Task-Specific Parameters

Parameter	Type	Default	Description
`task_type`	`str`	`"text2music"`	Generation task type. See Task Types section for details.
`instruction`	`str`	`"Fill the audio semantic mask based on the given conditions:"`	Task-specific instruction prompt.
`reference_audio`	`Optional[str]`	`None`	Path to reference audio file for style transfer or continuation tasks.
`src_audio`	`Optional[str]`	`None`	Path to source audio file for audio-to-audio tasks (cover, repaint, etc.).
`audio_codes`	`str`	`""`	Pre-extracted 5Hz audio semantic codes as a string. Advanced use only.
`repainting_start`	`float`	`0.0`	Repainting start time in seconds (for repaint/lego tasks).
`repainting_end`	`float`	`-1`	Repainting end time in seconds. Use `-1` for end of audio.
`audio_cover_strength`	`float`	`1.0`	Strength of audio cover/codes influence (0.0-1.0).

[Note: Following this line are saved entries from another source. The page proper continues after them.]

Definition Z (k : nat) : op := fun i j =>
  match i, j with
  | inr (existT k1 b), inr (existT k0 a) =>
      if (val k1 == k.+1) && (val k0 == k)
      then isqrt (n k) * zeta (n k) ^+ (val b * val a) else 0
  | _, _ => 0
  end.

Definition absZ (k : nat) : op := opmul (adj (Z k)) (Z k).

Variable Gam : bool -> Omega -> R.  (* Gam true w = Gamma_{+,w}, Gam false w = Gamma_{-,w} *)
Variable gam : bool -> Omega -> R.  (* gam true w = gamma_{+,w}, gam false w = gamma_{-,w} *)

Definition w_plus : Omega := inl true.
Definition w_minus : Omega := inl false.

Definition phi01 : vec := phi 0 0.
Definition phi0N : vec := phi N.-1 0.

(* Kraus operators L_{eps,w}; eps = true is '+', eps = false is '-' *)
Definition Kraus (eps : bool) (w : Omega) : op :=
  match w with
  | inl true =>
      if eps then opscale (rC (Num.sqrt ((n 0)%:R * Gam true w))) (ketbra ket_plus phi01)
      else opscale (rC (Num.sqrt ((n 0)%:R * Gam false w))) (ketbra phi01 ket_plus)
  | inl false =>
      if eps then op0
      else opscale (rC (Num.sqrt (Gam false w))) (ketbra ket_minus phi0N)
  | inr k =>
      if eps then opscale (rC (Num.sqrt (Gam true w))) (adj (Z (val k)))
      else opscale (rC (Num.sqrt (Gam false w))) (Z (val k))
  end.

Definition opsum (F : 'I_N.-1 -> op) : op := fun i j => \sum_(k : 'I_N.-1) F k i j.

Definition Heff : op :=
  opadd (opscale (rC ((n 0)%:R * gam false w_plus)) P_plus)
  (opadd (opscale (rC (- ((n 0)%:R * gam true w_plus))) (ketbra phi01 phi01))
  (opadd (opscale (rC (gam false w_minus)) (ketbra phi0N phi0N))
  (opadd (opscale (rC (- gam true w_minus)) P_minus)
   (opsum (fun k => opsub (opscale (rC (gam false (inr k))) (absZ (val k)))
                          (opscale (rC (gam true (inr k))) (Pblock (val k).+1))))))).

Definition Lstar (x : op) : op := fun i j =>
  ('i%C * (opmul Heff x i j - opmul x Heff i j)) +
  \sum_(w : Omega) \sum_(eps : bool)
     (let L := Kraus eps w in
      let LL := opmul (adj L) L in
      opmul (opmul (adj L) x) L i j
      - 2^-1 * (opmul LL x i j + opmul x LL i j)).

Definition expL_partial (t : R) (x : op) (M : nat) : op := fun i j =>
  \sum_(k < M) rC (t ^+ k / (factorial k)%:R) * iter k Lstar x i j.

(* T^*_t(x) = e^{t L^*}(x) = y, the exponential series converging entrywise *)
Definition Tstar_is (t : R) (x y : op) : Prop :=
  forall i j : Idx,
    (fun M => complex.Re (expL_partial t x M i j)) @ \oo --> complex.Re (y i j) /\
    (fun M => complex.Im (expL_partial t x M i j)) @ \oo --> complex.Im (y i j).

Definition is_harmonic (p : op) : Prop :=
  selfadjoint p /\ forall t : R, 0 <= t -> Tstar_is t p p.

End QMS.

(* Taking adjoints in the second identity gives p L = p L p, so with the first
   one p commutes with every L_{-,w}; being selfadjoint, p then also commutes
   with their adjoints, which are (up to scalars) the operators L_{+,w}.  Every
   term of H_eff is a multiple of a product of these operators:
   P_+ = (|+><phi_{0_1}|)(|phi_{0_1}><+|), |phi_{0_1}><phi_{0_1}| =
   (|phi_{0_1}><+|)(|+><phi_{0_1}|), similarly for P_- and |phi_{0_N}><phi_{0_N}|,
   |Z|_k = Z_k^* Z_k, and P_{k+1} = Z_k Z_k^* by the orthogonality of the
   characters b |-> zeta_k^{ab} (here n_{k+1} <= n_k is used).  So p commutes
   with H_eff and with all Kraus operators, L^*(p) = 0, and the exponential
   series defining T_t^*(p) is constantly p. *)

From Pilot Require Import Defs.
From mathcomp Require Import all_boot all_order all_algebra.
From mathcomp Require Import all_classical all_reals all_analysis.
From mathcomp Require Import complex.
From mathcomp Require Import ring lra.
Import Order.TTheory GRing.Theory Num.Theory numFieldNormedType.Exports.

Set Implicit Arguments.
Unset Strict Implicit.
Unset Printing Implicit Defensive.

Local Open Scope ring_scope.

Section OperatorAlgebra.
Variables (R : realType) (N : nat) (n : nat -> nat).
Local Notation C := R[i].
Local Notation op := (op R N n).
Local Notation vec := (vec R N n).
Local Notation op0 := (@op0 R N n).

Lemma opP (A B : op) : (forall i j, A i j = B i j) -> A = B.
Proof. by move=> eqAB; apply/funext => i; apply/funext => j. Qed.

Lemma opmulA (A B D : op) : opmul (opmul A B) D = opmul A (opmul B D).
Proof.
apply: opP => i j; rewrite /opmul.
under eq_bigr do rewrite mulr_suml.
rewrite exchange_big; apply: eq_bigr => l _.
by rewrite mulr_sumr; apply: eq_bigr => m _; rewrite mulrA.
Qed.

Lemma opmul0r (A : op) : opmul op0 A = op0.
Proof. by apply: opP => i j; rewrite /opmul big1 // => l _; rewrite mul0r. Qed.

Lemma opmulr0 (A : op) : opmul A op0 = op0.
Proof. by apply: opP => i j; rewrite /opmul big1 // => l _; rewrite mulr0. Qed.

Lemma opmulDl (A B D : op) : opmul (opadd A B) D = opadd (opmul A D) (opmul B D).
Proof.
by apply: opP => i j; rewrite /opmul /opadd -big_split; apply: eq_bigr => l _; rewrite mulrDl.
Qed.

Lemma opmulDr (A B D : op) : opmul A (opadd B D) = opadd (opmul A B) (opmul A D).
Proof.
by apply: opP => i j; rewrite /opmul /opadd -big_split; apply: eq_bigr => l _; rewrite mulrDr.
Qed.

Lemma opmulZl c (A B : op) : opmul (opscale c A) B = opscale c (opmul A B).
Proof.
by apply: opP => i j; rewrite /opmul /opscale mulr_sumr; apply: eq_bigr => l _; rewrite mulrA.
Qed.

Lemma opmulZr c (A B : op) : opmul A (opscale c B) = opscale c (opmul A B).
Proof.
by apply: opP => i j; rewrite /opmul /opscale mulr_sumr; apply: eq_bigr => l _; rewrite mulrCA.
Qed.

Lemma opscaleK c : c != 0 -> cancel (@opscale R N n c) (opscale c^-1).
Proof. by move=> c0 A; apply: opP => i j; rewrite /opscale mulKf. Qed.

Lemma adjK : involutive (@adj R N n).
Proof. by move=> A; apply: opP => i j; rewrite /adj conjcK. Qed.

Lemma adjM (A B : op) : adj (opmul A B) = opmul (adj B) (adj A).
Proof.
apply: opP => i j; rewrite /adj /opmul rmorph_sum; apply: eq_bigr => l _.
by rewrite rmorphM mulrC.
Qed.

Lemma adj_ketbra (x y : vec) : adj (ketbra x y) = ketbra y x.
Proof. by apply: opP => i j; rewrite /adj /ketbra rmorphM /= conjcK mulrC. Qed.

Definition dotv (y z : vec) : C := \sum_l (y l)^*%C * z l.

Lemma ketbra_mul (x y y' z : vec) :
  opmul (ketbra x y) (ketbra y' z) = opscale (dotv y y') (ketbra x z).
Proof.
apply: opP => i j; rewrite /opmul /opscale /ketbra /dotv mulr_suml.
by apply: eq_bigr => l _; ring.
Qed.

Lemma ketbra_through (x y z : vec) :
  dotv y y = 1 -> ketbra x z = opmul (ketbra x y) (ketbra y z).
Proof.
by move=> y1; rewrite ketbra_mul y1; apply: opP => i j; rewrite /opscale mul1r.
Qed.

Lemma dotv_basis (i : Idx N n) : dotv (Defs.basis R i) (Defs.basis R i) = 1.
Proof.
rewrite /dotv (bigD1 i) //= big1 => [|l /negbTE li]; last by rewrite /Defs.basis li mulr0.
by rewrite /Defs.basis eqxx conjc1 mulr1 addr0.
Qed.

End OperatorAlgebra.

Section Commutation.
Variables (R : realType) (N : nat) (n : nat -> nat).
Local Notation op := (op R N n).
Variable p : op.

Definition commutes (A : op) := opmul A p = opmul p A.

Lemma commutes0 : commutes (@op0 R N n).
Proof. by rewrite /commutes opmul0r opmulr0. Qed.

Lemma commutesD A B : commutes A -> commutes B -> commutes (opadd A B).
Proof. by rewrite /commutes opmulDl opmulDr => -> ->. Qed.

Lemma commutesZ c A : commutes A -> commutes (opscale c A).
Proof. by rewrite /commutes opmulZl opmulZr => ->. Qed.

Lemma commutesB A B : commutes A -> commutes B -> commutes (opsub A B).
Proof.
have -> : opsub A B = opadd A (opscale (-1) B).
  by apply: opP => i j; rewrite /opsub /opadd /opscale mulN1r.
by move=> cA cB; apply: commutesD => //; apply: commutesZ.
Qed.

Lemma commutesM A B : commutes A -> commutes B -> commutes (opmul A B).
Proof. by rewrite /commutes => cA cB; rewrite opmulA cB -opmulA cA opmulA. Qed.

Lemma commutes_sum F : (forall k, commutes (F k)) -> commutes (opsum F).
Proof.
move=> cF; apply: opP => i j; rewrite /opmul /opsum.
under eq_bigr do rewrite mulr_suml; under [RHS]eq_bigr do rewrite mulr_sumr.
rewrite exchange_big [RHS]exchange_big; apply: eq_bigr => k _.
by have := congr1 (fun f => f i j) (cF k).
Qed.

Lemma commutes_ketbra_through (x y z : vec R N n) : dotv y y = 1 ->
  commutes (ketbra x y) -> commutes (ketbra y z) -> commutes (ketbra x z).
Proof. by move=> y1 cxy cyz; rewrite (ketbra_through x z y1); apply: commutesM. Qed.

Lemma commutes_unscale c A : c != 0 -> commutes (opscale c A) -> commutes A.
Proof. by move=> c0 /(commutesZ c^-1); rewrite opscaleK. Qed.

Hypothesis p_sa : selfadjoint p.

Lemma commutes_adj A : commutes A -> commutes (adj A).
Proof. by rewrite /commutes => /(congr1 (@adj R N n)); rewrite !adjM p_sa => ->. Qed.

Lemma commutes_ketbraC (x y : vec R N n) : commutes (ketbra x y) -> commutes (ketbra y x).
Proof. by move=> /commutes_adj; rewrite adj_ketbra. Qed.

Lemma commutes_of_invariant A :
  opmul A p = opmul p (opmul A p) -> opmul (adj A) p = opmul p (opmul (adj A) p) ->
  commutes A.
Proof.
move=> inv_A /(congr1 (@adj R N n)); rewrite !adjM adjK p_sa => inv_adjA.
by rewrite /commutes inv_A -opmulA -inv_adjA.
Qed.

End Commutation.

Section RootsOfUnity.
Variables (F : fieldType) (m : nat) (z : F).
Hypothesis prim_z : m.-primitive_root z.

Lemma sum_unity_root_eq0 (x : F) : x ^+ m = 1 -> x != 1 -> \sum_(a < m) x ^+ a = 0.
Proof.
move=> xm x1; apply/eqP; move: (subrX1 x m); rewrite xm subrr => /eqP.
by rewrite eq_sym mulf_eq0 subr_eq0 (negbTE x1).
Qed.

Lemma prim_root_orthogonality b b' : (b < m)%N -> (b' < m)%N ->
  \sum_(a < m) (z ^+ b / z ^+ b') ^+ a = if b == b' then m%:R else 0.
Proof.
move=> bm b'm; have z0 : z ^+ b' != 0.
  by rewrite expf_neq0 // (prim_root_eq0 prim_z) -lt0n (prim_order_gt0 prim_z).
case: eqP => [->|/eqP neq_bb'].
  rewrite divff //; under eq_bigr => a _ do rewrite expr1n.
  by rewrite sumr_const card_ord.
apply: sum_unity_root_eq0.
  by rewrite exprMn exprVn -!exprM mulnC exprM (prim_expr_order prim_z) expr1n
             mulnC exprM (prim_expr_order prim_z) expr1n invr1 mulr1.
rewrite (can2_eq (divfK z0) (mulfK z0)) mul1r (eq_prim_root_expr prim_z).
by rewrite !modn_small.
Qed.

End RootsOfUnity.

Section ComplexScalars.
Variable R : realType.
Local Notation C := R[i].

Lemma rCM (a b : R) : rC a * rC b = rC (a * b).
Proof. by rewrite /rC !complexr0 rmorphM. Qed.

Lemma conj_rC (a : R) : (rC a)^*%C = rC a.
Proof. by rewrite /rC /= oppr0. Qed.

Lemma rC_eq0 (a : R) : (rC a == 0) = (a == 0).
Proof. by rewrite /rC complexr0 -(rmorph0 (real_complex R)) (inj_eq (@complexI R)). Qed.

Lemma rC_sqrt_neq0 (a : R) : 0 < a -> rC (Num.sqrt a) != 0.
Proof. by move=> a_gt0; rewrite rC_eq0 sqrtr_eq0 -ltNge. Qed.

(* Rewriting with [rmorphM] or [rmorphXn] directly leaves conjugation as a
   morphism application, which lemmas stated with [^*] (such as [conj_isqrt],
   [zeta_conj]) no longer match. *)
Lemma conjcM (x y : C) : (x * y)^*%C = x^*%C * y^*%C.
Proof. exact: rmorphM. Qed.

Lemma conjcX (x : C) j : (x ^+ j)^*%C = x^*%C ^+ j.
Proof. exact: rmorphXn. Qed.

Lemma conj_isqrt m : (isqrt R m)^*%C = isqrt R m.
Proof. exact: conj_rC. Qed.

Lemma isqrtK m : (0 < m)%N -> isqrt R m * isqrt R m * m%:R = 1.
Proof.
move=> m_gt0; have -> : (m%:R : C) = rC m%:R by rewrite /rC complexr0 rmorph_nat.
have sqrt_gt0 : 0 < Num.sqrt (m%:R : R) by rewrite sqrtr_gt0 ltr0n.
rewrite /isqrt !rCM -invrM ?unitfE ?gt_eqF // -expr2 sqr_sqrtr ?ler0n //.
by rewrite mulVf // pnatr_eq0 -lt0n.
Qed.

Lemma zetaX m j :
  zeta R m ^+ j = (cos (j%:R * (2 * pi / m%:R)) +i* sin (j%:R * (2 * pi / m%:R)))%C.
Proof.
elim: j => [|j IHj]; first by rewrite expr0 mul0r cos0 sin0.
rewrite exprS IHj /zeta; set t := 2 * pi / m%:R.
rewrite -[j.+1]addn1 natrD mulrDl mul1r addrC cosD sinD.
by apply/eqP; rewrite eq_complex /=; apply/andP; split; apply/eqP; ring.
Qed.

Lemma zetaX_neq1 m d : (0 < d)%N -> (d < m)%N -> zeta R m ^+ d != 1.
Proof.
move=> d_gt0 dm; rewrite zetaX; apply/negP => /eqP [] cos1 _.
set x := d%:R * (2 * pi / m%:R) in cos1.
have m_gt0 : 0 < (m%:R : R) by rewrite ltr0n (leq_ltn_trans _ dm).
have half_x : x / 2 = pi * (d%:R / m%:R) by rewrite /x; field; rewrite gt_eqF.
have : 0 < x / 2 < pi.
  rewrite half_x pmulr_rgt0 ?pi_gt0 ?divr_gt0 ?m_gt0 ?ltr0n //=.
  by rewrite gtr_pMr ?pi_gt0 // ltr_pdivrMr // mul1r ltr_nat.
move/sin_gt0_pi; have x2 : x = (x / 2) *+ 2 by rewrite -mulr_natr mulfVK ?pnatr_eq0.
rewrite x2 cos_mulr2n cos2sin2 in cos1.
have : sin (x / 2) ^+ 2 = 0 by lra.
by move/eqP; rewrite sqrf_eq0 => /eqP ->; rewrite ltxx.
Qed.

Set smaller (0.2) for style transfer tasks.

5Hz Language Model Parameters

Parameter	Type	Default	Description
`thinking`	`bool`	`True`	Enable 5Hz Language Model "Chain-of-Thought" reasoning for semantic/music metadata and codes.
`lm_temperature`	`float`	`0.85`	LM sampling temperature (0.0-2.0). Higher = more creative/diverse, lower = more conservative.
`lm_cfg_scale`	`float`	`2.0`	LM classifier-free guidance scale. Higher = stronger adherence to prompt.
`lm_top_k`	`int`	`0`	LM top-k sampling. `0` disables top-k filtering. Typical values: 40-100.
`lm_top_p`	`float`	`0.9`	LM nucleus sampling (0.0-1.0). `1.0` disables nucleus sampling. Typical values: 0.9-0.95.
`lm_negative_prompt`	`str`	`"NO USER INPUT"`	Negative prompt for LM guidance. Helps avoid unwanted characteristics.
`use_cot_metas`	`bool`	`True`	Generate metadata using LM CoT reasoning (BPM, key, duration, etc.).
`use_cot_caption`	`bool`	`True`	Refine user caption using LM CoT reasoning.
`use_cot_language`	`bool`	`True`	Detect vocal language using LM CoT reasoning.
`use_cot_lyrics`	`bool`	`False`	(Reserved for future use) Generate/refine lyrics using LM CoT.
`use_constrained_decoding`	`bool`	`True`	Enable constrained decoding for structured LM output.

CoT Generated Values

These fields are automatically populated by the LM when CoT reasoning is enabled:

Parameter	Type	Default	Description
`cot_bpm`	`Optional[int]`	`None`	LM-generated BPM value.
`cot_keyscale`	`str`	`""`	LM-generated key/scale.
`cot_timesignature`	`str`	`""`	LM-generated time signature.
`cot_duration`	`Optional[float]`	`None`	LM-generated duration.
`cot_vocal_language`	`str`	`"unknown"`	LM-detected vocal language.
`cot_caption`	`str`	`""`	LM-refined caption.
`cot_lyrics`	`str`	`""`	LM-generated/refined lyrics.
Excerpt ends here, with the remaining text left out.